Sta scrivendo in questo periodo? Come saggista o come narratore?

Sto lavorando a un nuovo libro. Non so ancora se sarà un romanzo o un racconto. Le volte che sono contento di me al 100% non è perché ho scritto un racconto o un romanzo bensì perché ho realizzato un articolo molto feroce per dire al mio governo di andare all'inferno. Fin qui non mi hanno ascoltato: mi leggono ma purtroppo non seguono il mio suggerimento. Quando ho il desiderio di raccontare una storia, cosa completamente diversa, allora scrivo un romanzo. Non scrivo al computer, scrivo per esteso, a mano, con semplici penne a sfera. Ne ho due sulla mia scrivania: una per gli articoli e l'altra per narrare. Il mio bisogno di raccontare viene da lontano. Ho incominciato a cinque anni, appena mi insegnarono l'alfabeto. Iniziai a inventare piccole storie, a scriverle e a raccontarle per colpire le ragazze. Inizialmente volevo fare il pompiere, convinto che le impressionasse di più, poi ho finito per scegliere di fare il romanziere.

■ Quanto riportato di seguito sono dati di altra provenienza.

Lemma orthonormal4_parseval m : orthonormal4 m -> forall x y,
  dot4 x y = dot4 x (m 0%nat) * dot4 (m 0%nat) y + dot4 x (m 1%nat) * dot4 (m 1%nat) y
           + dot4 x (m 2%nat) * dot4 (m 2%nat) y + dot4 x (m 3%nat) * dot4 (m 3%nat) y.
Proof.
  intros Hm x y.
  pose proof (orthonormal4_det_sqr m Hm) as HD.
  pose proof (det4_cramer (m 0%nat) (m 1%nat) (m 2%nat) (m 3%nat) x) as Hcr.
  set (D := det4 (m 0%nat) (m 1%nat) (m 2%nat) (m 3%nat)) in *.
  (* Cramer's rule tested against the columns themselves identifies its coefficients. *)
  assert (Hx : forall j, (j < 4)%nat ->
            D * dot4 x (m j) = det4 x (m 1%nat) (m 2%nat) (m 3%nat) * kronecker 0 j
                             + det4 (m 0%nat) x (m 2%nat) (m 3%nat) * kronecker 1 j
                             + det4 (m 0%nat) (m 1%nat) x (m 3%nat) * kronecker 2 j
                             + det4 (m 0%nat) (m 1%nat) (m 2%nat) x * kronecker 3 j)
    by (intros j Hj; rewrite Hcr, !Hm by lia; reflexivity).
  pose proof (Hx 0%nat ltac:(lia)) as H0. pose proof (Hx 1%nat ltac:(lia)) as H1.
  pose proof (Hx 2%nat ltac:(lia)) as H2. pose proof (Hx 3%nat ltac:(lia)) as H3.
  unfold kronecker in H0, H1, H2, H3; cbn in H0, H1, H2, H3.
  transitivity (D * (D * dot4 x y)); [rewrite <- Rmult_assoc, HD; ring|].
  rewrite Hcr.
  transitivity ((D * D) * (dot4 x (m 0%nat) * dot4 (m 0%nat) y + dot4 x (m 1%nat) * dot4 (m 1%nat) y
           + dot4 x (m 2%nat) * dot4 (m 2%nat) y + dot4 x (m 3%nat) * dot4 (m 3%nat) y)).
  - replace (det4 x (m 1%nat) (m 2%nat) (m 3%nat)) with (D * dot4 x (m 0%nat)) by lra.
    replace (det4 (m 0%nat) x (m 2%nat) (m 3%nat)) with (D * dot4 x (m 1%nat)) by lra.
    replace (det4 (m 0%nat) (m 1%nat) x (m 3%nat)) with (D * dot4 x (m 2%nat)) by lra.
    replace (det4 (m 0%nat) (m 1%nat) (m 2%nat) x) with (D * dot4 x (m 3%nat)) by lra.
    ring.
  - rewrite HD. ring.
Qed.

Lemma dot4_kronecker_l i v : (i < 4)%nat -> dot4 (kronecker i) v = v i.
Proof. intro Hi. unfold dot4, kronecker. destruct i as [|[|[|[|i]]]]; cbn; try ring; lia. Qed.

Lemma dot4_comm x y : dot4 x y = dot4 y x.
Proof. unfold dot4. ring. Qed.

Lemma orthonormal4_transpose m : orthonormal4 m -> orthonormal4 (transpose4 m).
Proof.
  intros Hm i k Hi Hk.
  rewrite <- (dot4_kronecker_l k (kronecker i)) by exact Hk.
  rewrite (orthonormal4_parseval m Hm (kronecker k) (kronecker i)), !dot4_kronecker_l,
    !(dot4_comm (m _) (kronecker i)), !dot4_kronecker_l by assumption.
  unfold dot4, transpose4. ring.
Qed.

(** * The dual quadrangle *)

Definition quad (x0 x1 x2 x3 : pt) (k : nat) : pt :=
  match k with 0%nat => x0 | 1%nat => x1 | 2%nat => x2 | _ => x3 end.

(* The matrix with columns a, b, c, d, where u_k = a_k + i b_k and v_k = c_k + i d_k. *)
Definition planar_frame (u v : nat -> pt) : nat -> nat -> R :=
  fun j k => match j with
             | 0%nat => px (u k) | 1%nat => py (u k) | 2%nat => px (v k) | _ => py (v k)
             end.

Definition rows_orthonormal (u v : nat -> pt) : Prop :=
  forall k l, (k < 4)%nat -> (l < 4)%nat -> pdot (u k) (u l) + pdot (v k) (v l) = kronecker k l.

Lemma rows_orthonormal_of_frame u v : orthonormal4 (planar_frame u v) -> rows_orthonormal u v.
Proof.
  intros Hf k l Hk Hl. rewrite <- (orthonormal4_transpose _ Hf k l Hk Hl).
  unfold dot4, transpose4, planar_frame, pdot. ring.
Qed.

Lemma edges_sum_zero A B C D :
  padd (padd (z1 A B C D) (z2 A B C D)) (padd (z3 A B C D) (z4 A B C D)) = origin.
Proof. unfold z1, z2, z3, z4, origin. coords. f_equal; ring. Qed.

Lemma perimeter_dist A B C D : perimeter A B C D = dist B A + dist C B + dist D C + dist A D.
Proof. reflexivity. Qed.

Lemma sqrt_edges_orthonormal (u1 u2 u3 u4 : pt) :
  padd (padd (csq u1) (csq u2)) (padd (csq u3) (csq u4)) = origin ->
  pdot u1 u1 + pdot u2 u2 + pdot u3 u3 + pdot u4 u4 = 2 ->
  px u1 * px u1 + px u2 * px u2 + px u3 * px u3 + px u4 * px u4 = 1 /\
  py u1 * py u1 + py u2 * py u2 + py u3 * py u3 + py u4 * py u4 = 1 /\
  px u1 * py u1 + px u2 * py u2 + px u3 * py u3 + px u4 * py u4 = 0.
Proof.
  intros Hsum Hnorm. unfold origin in Hsum. coords.
  injection Hsum as Hre Him. lra.
Qed.

Lemma dual_side u v k : rows_orthonormal u v -> (k < 4)%nat -> pdot (v k) (v k) = 1 - pdot (u k) (u k).
Proof. intros Hr Hk. specialize (Hr k k Hk Hk). unfold kronecker in Hr. rewrite Nat.eqb_refl in Hr. lra. Qed.

Lemma dual_orthogonal u v k l : rows_orthonormal u v -> (k < 4)%nat -> (l < 4)%nat -> k <> l ->
  pdot (v k) (v l) = - pdot (u k) (u l).
Proof.
  intros Hr Hk Hl Hkl. specialize (Hr k l Hk Hl). unfold kronecker in Hr.
  rewrite (proj2 (Nat.eqb_neq k l) Hkl) in Hr. lra.
Qed.

Lemma dual_diagonal u v : rows_orthonormal u v ->
  pnorm (padd (csq (v 0%nat)) (csq (v 1%nat))) = pnorm (padd (csq (u 0%nat)) (csq (u 1%nat))).
Proof.
  intro Hr. apply pnorm_ext. rewrite !pdot_csq_add.
  rewrite !(dual_side u v) by (assumption || lia).
  rewrite (dual_orthogonal u v) by (assumption || lia). ring.
Qed.

Lemma dual_turns u v : rows_orthonormal u v ->
  cross (csq (v 0%nat)) (csq (v 1%nat)) * cross (csq (v 2%nat)) (csq (v 3%nat)) =
  cross (csq (u 0%nat)) (csq (u 1%nat)) * cross (csq (u 2%nat)) (csq (u 3%nat)).
Proof.
  intro Hr. rewrite !cross_csq.
  transitivity (4 * pdot (v 0%nat) (v 1%nat) * pdot (v 2%nat) (v 3%nat) *
                (cross (v 0%nat) (v 1%nat) * cross (v 2%nat) (v 3%nat))); [ring|].
  transitivity (4 * pdot (u 0%nat) (u 1%nat) * pdot (u 2%nat) (u 3%nat) *
                (cross (u 0%nat) (u 1%nat) * cross (u 2%nat) (u 3%nat))); [|ring].
  rewrite !cross_mul_cross, !(dual_orthogonal u v) by (assumption || lia). ring.
Qed.

Lemma cross_diagonal_sides A B C D :
  cross (psub C A) (psub B A) * cross (psub C A) (psub D A) =
  - (cross (z1 A B C D) (z2 A B C D) * cross (z3 A B C D) (z4 A B C D)).
Proof. unfold z1, z2, z3, z4. coords. ring. Qed.

Lemma dist_csq X Y u : csq u = psub Y X -> dist Y X = pdot u u.
Proof. intro Hu. unfold dist. rewrite <- Hu. apply pnorm_csq. Qed.

Lemma psub_chain X Y Z : psub Z X = padd (psub Y X) (psub Z Y).
Proof. coords. f_equal; ring. Qed.

Lemma dual_quad_shape A B C D K L M N :
  perimeter A B C D = 2 -> is_dual A B C D K L M N ->
  dist L K = 1 - dist B A /\ dist M L = 1 - dist C B /\ dist N M = 1 - dist D C /\
  dist K N = 1 - dist A D /\ dist M K = dist C A /\
  cross (psub M K) (psub L K) * cross (psub M K) (psub N K) =
  cross (psub C A) (psub B A) * cross (psub C A) (psub D A).
Proof.
  unfold is_dual; cbv zeta.
  intros Hper (u1 & u2 & u3 & u4 & Hz1 & Hz2 & Hz3 & Hz4 & _ & _ & _ & c1 & c2 & c3 & c4 & d1 & d2 & d3 & d4 &
               Hc & Hd & Hcd & Hca & Hcb & Hda & Hdb & HL & HM & HN & HK).
  pose proof (edges_sum_zero A B C D) as Hclosed.
  rewrite <- Hz1, <- Hz2, <- Hz3, <- Hz4 in Hclosed.
  rewrite perimeter_dist, (dist_csq A B u1 Hz1), (dist_csq B C u2 Hz2), (dist_csq C D u3 Hz3),
    (dist_csq D A u4 Hz4) in Hper.
  destruct (sqrt_edges_orthonormal u1 u2 u3 u4 Hclosed Hper) as (Haa & Hbb & Hab).
  set (u := quad u1 u2 u3 u4). set (v := quad (c1, d1) (c2, d2) (c3, d3) (c4, d4)).
  assert (Hrows : rows_orthonormal u v).
  { apply rows_orthonormal_of_frame. intros j k Hj Hk. unfold dot4, planar_frame, kronecker, u, v, quad.
    destruct j as [|[|[|[|j]]]]; destruct k as [|[|[|[|k]]]]; try lia; cbn; lra. }
  rewrite (dist_csq K L _ (eq_sym HL)), (dist_csq L M _ (eq_sym HM)), (dist_csq M N _ (eq_sym HN)),
    (dist_csq N K _ (eq_sym HK)), (dist_csq A B u1 Hz1), (dist_csq B C u2 Hz2), (dist_csq C D u3 Hz3),
    (dist_csq D A u4 Hz4).
  refine (conj (dual_side u v 0 Hrows _) (conj (dual_side u v 1 Hrows _)
           (conj (dual_side u v 2 Hrows _) (conj (dual_side u v 3 Hrows _) (conj _ _))))); try lia.
  - unfold dist. rewrite (psub_chain K L M), (psub_chain A B C), HL, HM.
    fold (z1 A B C D) (z2 A B C D). rewrite <- Hz1, <- Hz2. exact (dual_diagonal u v Hrows).
  - rewrite !cross_diagonal_sides. unfold z1, z2, z3, z4. rewrite HL, HM, HN, HK.
    fold (z1 A B C D) (z2 A B C D) (z3 A B C D) (z4 A B C D). rewrite <- Hz1, <- Hz2, <- Hz3, <- Hz4.
    f_equal. exact (dual_turns u v Hrows).
Qed.

Lemma convex_turns_same_sign A B C D : convex_quad A B C D ->
  0 < cross (z1 A B C D) (z2 A B C D) * cross (z3 A B C D) (z4 A B C D).
Proof. intros (_ & _ & _ & [(h1 & h2 & h3 & h4) | (h1 & h2 & h3 & h4)]); nra. Qed.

Quali sono i suoi rapporti con gli scrittori Abraham B. Yehoshua e David Grossman, voci che si battono con lei per la pace?

Sono due miei cari amici. Yehoshua lo conosco fin dai tempi della scuola. Ci sentiamo al telefono molto spesso e ci incontriamo per le attività di pace. Tra di noi ci sono sfumature diverse. Metaforicamente è come ci trovassimo tutti e tre alla guida di un'auto: qualche volta vedo Yehoshua alla mia sinistra e Grossman un po' più a destra; dieci minuti dopo io stesso posso essere a sinistra di entrambi. Però andiamo tutti e tre verso un'unica direzione.